#### Data to examine ####

Lemma chords_within_edge (p q : 'I_n) : (q <= p.+1)%N -> chords_within p q = set0.
Proof.
move=> qp1; apply/setP => -[c1 c2]; rewrite !inE /=.
by apply/negP => /andP [/chord_span [/= span _] /andP [pc cq]]; lia.
Qed.

Lemma farthest_edge_from (p q : 'I_n) : (p.+1 < q)%N -> exists r : 'I_n,
  [/\ (p < r < q)%N, dec_edge delta p r &
      forall c, (p, c) \in delta -> (c < q)%N -> (c <= r)%N].
Proof.
move=> p1q; have qn := ltn_ord q.
pose S := [set c : 'I_n | ((p, c) \in delta) && (c < q)%N].
case: (set_0Vmem S) => [S0 | [c0 c0S]].
  have p1n : (p.+1 < n)%N by lia.
  exists (Ordinal p1n); split; [rewrite /=; lia | by rewrite dec_edge_lt //= eqxx |].
  by move=> c pc cq; have := in_set0 c; rewrite -S0 inE pc cq.
have [r rS r_max] := @arg_maxnP _ c0 (mem S) val c0S.
move: (rS); rewrite !inE => /andP [pr_in rq].
have [/= p1r _] := chord_span pr_in.
exists r; split; [lia | by rewrite dec_edge_lt ?pr_in ?orbT //; lia |].
by move=> c pc cq; apply: r_max; rewrite !inE pc cq.
Qed.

####

**Work request:**
A single figure is the whole answer: the number of lines in the material above where the string "have" occurs.

**Expected answer:**
5